Location: Kwangju, South Korea
Firm: NADAAA, Boston
Team: Nader Tehrani, with Sarah Dunbar and Ryan Murphy
How do you create an urban folly that stands out on a chaotic street-scape? Nader Tehrani responded to Kwangju’s call for such an installation by constructing this dramatic temporary pavilion inspired by the neighbourhood’s messy energy. Propped on five funnel-like legs, the thick framework of steel rods is seemingly arranged at random but is in fact a precise geometric cloud, with openings to accommodate two existing trees.
Location: National Building Museum, Washington, D.C.

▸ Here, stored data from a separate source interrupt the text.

(* Let $d\ge 0$ be an integer. Every triangle-free graph $G$ with $\mathrm{tww}(G)\le d$ admits a proper vertex coloring with at most $d+2$ colors.
   Context: A trigraph $H$ consists of a vertex set $V(H)$ and two disjoint sets of unordered pairs of distinct vertices: black edges $E(H)$ and red edges $R(H)$. Two vertices are adjacent (neighbors) if they are joined by a black or a red edge. The red graph of $H$ is the graph $(V(H),R(H))$; $H$ is a $d$-trigraph if its red graph has maximum degree at most $d$. A graph is a trigraph with no red edges. Contracting two distinct vertices $u,v$ of a trigraph $H$ yields the trigraph obtained by deleting $u$ and $v$ and adding a new vertex $z$ such that, for every other vertex $x$: $zx$ is a black edge if both $ux$ and $vx$ are black edges; $zx$ is not an edge if $x$ is adjacent to neither $u$ nor $v$; and $zx$ is a red edge otherwise. All edges not incident to $u$ or $v$ are unchanged. A $d$-sequence of an $n$-vertex graph $G$ is a sequence of $d$-trigraphs $G=G_n,G_{n-1},\dots,G_1$ such that $G_1$ has a single vertex and each $G_{i-1}$ is obtained from $G_i$ by one contraction (so $G_i$ has $i$ vertices). The twin-width $\mathrm{tww}(G)$ of $G$ is the minimum $d$ such that $G$ admits a $d$-sequence. *)

From mathcomp Require Import all_boot.
Set Implicit Arguments. Unset Strict Implicit. Unset Printing Implicit Defensive.

(* A trigraph whose vertices are labelled by elements of a finite universe T.
   V(H) = tv H; black edges = tb H; red edges = tr H (only meaningful on V(H)). *)
Record trigraph (T : finType) := Trigraph {
  tv : {set T};
  tb : rel T;
  tr : rel T }.

Section Trigraphs.
Variable T : finType.

Definition tadj (H : trigraph T) : rel T := fun x y => tb H x y || tr H x y.

Definition trigraph_ok (H : trigraph T) : Prop :=
  [/\ forall x y, tadj H x y -> [/\ x \in tv H, y \in tv H & x != y],
      forall x y, tb H x y = tb H y x,
      forall x y, tr H x y = tr H y x &
      forall x y, ~~ (tb H x y && tr H x y)].

Definition dtrigraph (d : nat) (H : trigraph T) : Prop :=
  trigraph_ok H /\
  forall x, x \in tv H -> #|[set y in tv H | tr H x y]| <= d.

(* H' is obtained from H by contracting the distinct vertices u, v of H into a
   new vertex z (z may reuse the label of u or v, but not of another vertex). *)
Definition contraction (H H' : trigraph T) : Prop :=
  exists u v z,
  [/\ u \in tv H, v \in tv H, u != v,
      z \notin tv H :\: [set u; v] &
      [/\ tv H' = z |: (tv H :\: [set u; v]),
          trigraph_ok H',
          (forall x y, x \in tv H' :\ z -> y \in tv H' :\ z ->
             tb H' x y = tb H x y /\ tr H' x y = tr H x y) &
          (forall x, x \in tv H' :\ z ->
             [/\ tb H' z x = (tb H u x && tb H v x),
                 (~~ tadj H' z x) = (~~ tadj H u x && ~~ tadj H v x) &
                 tr H' z x = (tadj H u x || tadj H v x) && ~~ (tb H u x && tb H v x)])]].

Inductive dseq (d : nat) : trigraph T -> Prop :=
| dseq_end H : dtrigraph d H -> #|tv H| <= 1 -> dseq d H
| dseq_step H H' : dtrigraph d H -> contraction H H' -> dseq d H' -> dseq d H.

Definition simple_graph (e : rel T) : Prop :=
  (forall x y, e x y = e y x) /\ (forall x, ~~ e x x).

Definition graph_trigraph (e : rel T) : trigraph T :=
  Trigraph setT e (fun _ _ => false).

Definition tww_le (e : rel T) (d : nat) : Prop := dseq d (graph_trigraph e).

Definition triangle_free (e : rel T) : Prop :=
  forall x y z, ~ [&& e x y, e y z & e x z].

Definition proper_coloring (k : nat) (e : rel T) (c : T -> 'I_k) : Prop :=
  forall x y, e x y -> c x != c y.

End Trigraphs.

From mathcomp Require Import all_boot.
Set Implicit Arguments. Unset Strict Implicit. Unset Printing Implicit Defensive.

(* Every trigraph H of a d-sequence of G is "realized" in G by the map rep
   sending each vertex of G to the vertex of H whose part contains it: edges of
   G join equal or adjacent parts, and black edges of H join parts completely.
   Contracting u, v into z yields the realization merge \o rep of the next
   trigraph (lemma realizes_contract).

   We prove, by induction along the d-sequence, that every vertex set W meeting
   each part in an independent set has a proper (d + 2)-coloring that is
   constant on parts (lemma dseq_part_colorable).  If W also meets the merged
   part of z independently, the coloring for the contracted trigraph is pulled
   back.  Otherwise some edge ab joins the parts of u and v inside W: we color
   W minus the part of u by induction, and give the part of u a color missing
   from z and its at most d red neighbours, which cover all neighbouring parts
   since a common black neighbour of u and v would close a triangle with ab
   (lemma part_colorable_extend).  The theorem is the case H = G, rep = id. *)

Lemma tadj_sym (T : finType) (H : trigraph T) :
  trigraph_ok H -> forall x y, tadj H x y = tadj H y x.
Proof. by case=> _ bsym rsym _ x y; rewrite /tadj bsym rsym. Qed.

Lemma dseq_dtrigraph (T : finType) (d : nat) (H : trigraph T) :
  dseq d H -> dtrigraph d H.
Proof. by case. Qed.

Lemma fresh_color (n : nat) (F : {set 'I_n}) : #|F| < n -> exists k, k \notin F.
Proof.
move=> Fn; apply/existsP; apply: contraTT Fn => /existsPn allF.
rewrite -leqNgt -[n in n <= _]card_ord; apply: subset_leq_card.
by apply/subsetP => k _; apply/negbNE/allF.
Qed.

Section Coloring.
Variables (T : finType) (e : rel T) (d : nat).
Hypothesis e_sym : forall x y, e x y = e y x.
Hypothesis tf : triangle_free e.

Definition realizes (H : trigraph T) (rep : T -> T) : Prop :=
  [/\ forall a, rep a \in tv H,
      forall a b, e a b -> rep a != rep b -> tadj H (rep a) (rep b) &
      forall a b, rep a != rep b -> tb H (rep a) (rep b) -> e a b].

Definition part_independent (rep : T -> T) (W : {set T}) : Prop :=
  forall a b, a \in W -> b \in W -> rep a = rep b -> ~~ e a b.

Definition part_colorable (rep : T -> T) (W : {set T}) : Prop :=
  exists col : T -> 'I_(d + 2),
    forall a b, a \in W -> b \in W -> e a b -> col (rep a) != col (rep b).

Lemma realizes_graph : realizes (graph_trigraph e) id.
Proof. by split=> [a|a b eab _|//]; rewrite /tadj /= ?inE ?eab. Qed.

Lemma part_colorable_comp (f rep : T -> T) (W : {set T}) :
  part_colorable (f \o rep) W -> part_colorable rep W.
Proof. by case=> col colP; exists (col \o f). Qed.

Section Contraction.
Variables (H H' : trigraph T) (u v z : T).
Hypotheses (okH : trigraph_ok H) (okH' : trigraph_ok H').
Hypothesis zfresh : z \notin tv H :\: [set u; v].
Hypothesis tvH' : tv H' = z |: (tv H :\: [set u; v]).
Hypothesis kept_edges : forall x y, x \in tv H' :\ z -> y \in tv H' :\ z ->
  tb H' x y = tb H x y /\ tr H' x y = tr H x y.
Hypothesis merged_edges : forall x, x \in tv H' :\ z ->
  [/\ tb H' z x = (tb H u x && tb H v x),
      (~~ tadj H' z x) = (~~ tadj H u x && ~~ tadj H v x) &
      tr H' z x = (tadj H u x || tadj H v x) && ~~ (tb H u x && tb H v x)].

Definition merge (x : T) : T := if x \in [set u; v] then z else x.

Lemma kept_vertex x : x \in tv H -> x \notin [set u; v] -> x \in tv H' :\ z.
Proof.
move=> xH xuv; have xz : x != z.
  by apply: contraNneq zfresh => <-; rewrite in_setD xuv.
by rewrite in_setD1 xz tvH' in_setU1 in_setD xuv xH orbT.
Qed.

Lemma merge_vertex x : x \in tv H -> merge x \in tv H'.
Proof.
rewrite /merge; case: ifP => [_ _|xuv xH]; first by rewrite tvH' setU11.
by have /setD1P[] := kept_vertex xH (negbT xuv).
Qed.

Lemma merge_collision x y : x \in tv H -> y \in tv H -> x != y ->
  merge x = merge y -> (x \in [set u; v]) && (y \in [set u; v]).
Proof.
move=> xH yH xy; rewrite /merge; case: ifP => xuv; case: ifP => yuv //.
- by move=> zy; have := kept_vertex yH (negbT yuv); rewrite -zy setD11.
- by move=> xz; have := kept_vertex xH (negbT xuv); rewrite xz setD11.
- by move=> exy; rewrite exy eqxx in xy.
Qed.

Lemma tadj_merged x : x \in tv H' :\ z -> tadj H' z x = tadj H u x || tadj H v x.
Proof. by case/merged_edges=> _ E _; apply: negb_inj; rewrite E negb_or. Qed.

Lemma merge_adj x y : x \in tv H -> y \in tv H -> tadj H x y ->
  merge x != merge y -> tadj H' (merge x) (merge y).
Proof.
have to_z w t : w \in [set u; v] -> t \in tv H -> t \notin [set u; v] ->
    tadj H w t -> tadj H' z t.
  move=> wuv tH tuv wt; rewrite tadj_merged ?kept_vertex //.
  by case/set2P: wuv => <-; rewrite wt ?orbT.
move=> xH yH xy; rewrite /merge; case: ifP => xuv; case: ifP => yuv.
- by rewrite eqxx.
- by move=> _; apply: (to_z x) => //; rewrite yuv.
- by move=> _; rewrite tadj_sym //; apply: (to_z y); rewrite ?xuv // tadj_sym.
- move=> _; rewrite /tadj.
  by case: (kept_edges (kept_vertex xH (negbT xuv)) (kept_vertex yH (negbT yuv))) => -> ->.
Qed.

Lemma merge_black x y : x \in tv H -> y \in tv H ->
  merge x != merge y -> tb H' (merge x) (merge y) -> tb H x y.
Proof.
have from_z w t : w \in [set u; v] -> t \in tv H -> t \notin [set u; v] ->
    tb H' z t -> tb H w t.
  move=> wuv tH tuv; have [-> _ _] := merged_edges (kept_vertex tH tuv).
  by case/set2P: wuv => -> /andP[] //.
have [[_ bsym _ _] [_ bsym' _ _]] := (okH, okH').
move=> xH yH; rewrite /merge; case: ifP => xuv; case: ifP => yuv.
- by rewrite eqxx.
- by move=> _; apply: (from_z x) => //; rewrite yuv.
- by move=> _; rewrite bsym' bsym; apply: (from_z y) => //; rewrite xuv.
- move=> _.
  by case: (kept_edges (kept_vertex xH (negbT xuv)) (kept_vertex yH (negbT yuv))) => ->.
Qed.

Lemma merge_red y : y \in tv H -> y \notin [set u; v] ->
  tadj H u y -> ~~ (tb H u y && tb H v y) -> tr H' z y.
Proof.
move=> yH yuv uy nb; have [_ _ ->] := merged_edges (kept_vertex yH yuv).
by rewrite uy nb.
Qed.

Lemma realizes_contract rep : realizes H rep -> realizes H' (merge \o rep).
Proof.
case=> repH adj black; split=> [a|a b eab|a b] /=; first exact: merge_vertex.
- move=> neq; apply: merge_adj => //; apply: adj => //.
  by apply: contra_neq neq => ->.
- move=> neq /(merge_black (repH a) (repH b) neq) bab.
  by apply: black bab; apply: contra_neq neq => ->.
Qed.

Lemma part_independent_removal rep W : realizes H rep -> part_independent rep W ->
  part_independent (merge \o rep) [set g in W | rep g != u].
Proof.
case=> repH _ _ indep a b; rewrite !inE => /andP[aW au] /andP[bW bu] /= eqm.
apply: indep => //; case: (eqVneq (rep a) (rep b)) => // neq.
case/andP: (merge_collision (repH a) (repH b) neq eqm).
by rewrite !inE (negbTE au) (negbTE bu) /= => /eqP -> /eqP ->.
Qed.

(* If an edge ab joins the parts of u and v inside W, the part of u can be
   colored last: neighbouring parts are v's or red neighbours of z in H', since
   a common black neighbour of u and v would close a triangle with ab. *)
Lemma part_colorable_extend rep W a b :
  realizes H rep -> part_independent rep W ->
  #|[set y in tv H' | tr H' z y]| <= d ->
  a \in W -> b \in W -> rep a = u -> rep b = v -> e a b ->
  part_colorable (merge \o rep) [set g in W | rep g != u] -> part_colorable rep W.
Proof.
move=> [repH adj black] indep redz aW bW au bv eab [col colP].
pose N := z |: [set y in tv H' | tr H' z y].
have nbr_in_N f g : rep f = u -> rep g != u -> e f g -> merge (rep g) \in N.
  move=> fu gu efg; rewrite /N /merge; case: ifPn => [_|guv]; first exact: setU11.
  apply/setU1r; rewrite inE; have /setD1P[_ ->] := kept_vertex (repH g) guv.
  apply: merge_red => //; first by rewrite -fu adj // fu eq_sym.
  have gv : v != rep g by apply: contraNneq guv => <-; rewrite !inE eqxx orbT.
  apply/negP => /andP[ug vg]; apply: (tf (x := a) (y := b) (z := g)); rewrite eab.
  by rewrite (black b g) ?bv // (black a g) ?au // eq_sym.
have [k kF] : exists k, k \notin col @: N.
  apply: fresh_color; apply: leq_ltn_trans (leq_imset_card _ _) _.
  by rewrite addn2 ltnS cardsU1 -add1n leq_add ?leq_b1.
exists (fun x => if x == u then k else col (merge x)) => p q pW qW epq /=.
have inW' r : r \in W -> rep r != u -> r \in [set g in W | rep g != u].
  by rewrite inE => ->.
case: (eqVneq (rep p) u) => pu; case: (eqVneq (rep q) u) => qu.
- by have := indep p q pW qW (etrans pu (esym qu)); rewrite epq.
- by apply: contraNneq kF => ->; apply: imset_f; apply: (nbr_in_N p).
- by apply: contraNneq kF => <-; apply: imset_f; apply: (nbr_in_N q); rewrite // e_sym.
- exact: colP (inW' _ pW pu) (inW' _ qW qu) epq.
Qed.

End Contraction.

Lemma dseq_part_colorable H : dseq d H ->
  forall rep W, realizes H rep -> part_independent rep W -> part_colorable rep W.
Proof.
elim=> {H} [H _ small|H H' [okH _] cHH' dH' IH] rep W realH indep.
  have k : 'I_(d + 2) by rewrite addn2; exact: ord0.
  case: realH => repH _ _; exists (fun=> k) => a b aW bW eab.
  have := indep a b aW bW (card_le1_eqP small _ _ (repH b) (repH a)).
  by rewrite eab.
case: cHH' => u [v [z [_ _ _ zfresh [tvH' okH' kept merged]]]].
pose rep' := merge u v z \o rep.
have realH' : realizes H' rep' :=
  realizes_contract okH okH' zfresh tvH' kept merged realH.
have [_ redH'] := dseq_dtrigraph dH'.
have zH' : z \in tv H' by rewrite tvH' setU11.
case: (boolP [forall a, forall b,
    [&& a \in W, b \in W & rep' a == rep' b] ==> ~~ e a b]).
  move=> indep'; apply: part_colorable_comp (IH _ W realH' _) => a b aW bW eqm.
  by have /forallP/(_ b) := forallP indep' a; rewrite aW bW eqm eqxx.
case/forallPn=> a /forallPn[b]; rewrite negb_imply negbK.
case/andP=> /and3P[aW bW /eqP eqm] eab.
have extend a' b' : a' \in W -> b' \in W -> rep a' = u -> rep b' = v -> e a' b' ->
    part_colorable rep W.
  move=> a'W b'W a'u b'v ea'b'.
  apply: (part_colorable_extend zfresh tvH' merged realH indep _ a'W b'W a'u b'v ea'b').
  - exact: redH' z zH'.
  - exact: IH realH' (part_independent_removal zfresh tvH' realH indep).
have neq : rep a != rep b by apply: contraL eab => /eqP; exact: indep.
have [repH _ _] := realH.
case/andP: (merge_collision zfresh tvH' (repH a) (repH b) neq eqm).
case/set2P=> au /set2P[] bv; rewrite ?au ?bv ?eqxx // in neq.
- exact: (extend a b).
- by apply: (extend b a); rewrite // e_sym.
Qed.

End Coloring.

Theorem mainTheorem9 (d : nat) (T : finType) (e : rel T) :
  simple_graph e -> triangle_free e -> tww_le e d ->
  exists c : T -> 'I_(d + 2), proper_coloring e c.
Proof.
move=> [e_sym irr] tf tww.
have indep : part_independent e id setT by move=> a b _ _ /= ->; exact: irr.
have [col colP] := dseq_part_colorable e_sym tf tww (realizes_graph e) indep.
by exists col => a b eab; apply: colP; rewrite ?inE.
Qed.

Firm: Rockwell Group, New York
Team: David Rockwell and Barry Richards, with lab at Rockwell Group
The Rockwell Group’s Imagination Playground has transformed child’s play. The foam blocks, in various mix-and-match shapes, allow for child-directed, open-ended play, their uniform blue ensuring that there is no wrong way to build a slide, a fortress or a robot. Since debuting a few years ago, the concept has been installed in 700 locations. It has had its biggest moment at the Play.Work.Build exhibition (on until 2014 at the National Building Museum in Washington, D.C.), which traces the history of interactive architectural toys to the present day. In one section, kids studiously stack small sections into architectural models, and in another they let their imaginations run wild by arranging larger modules into a fun-filled wonderland.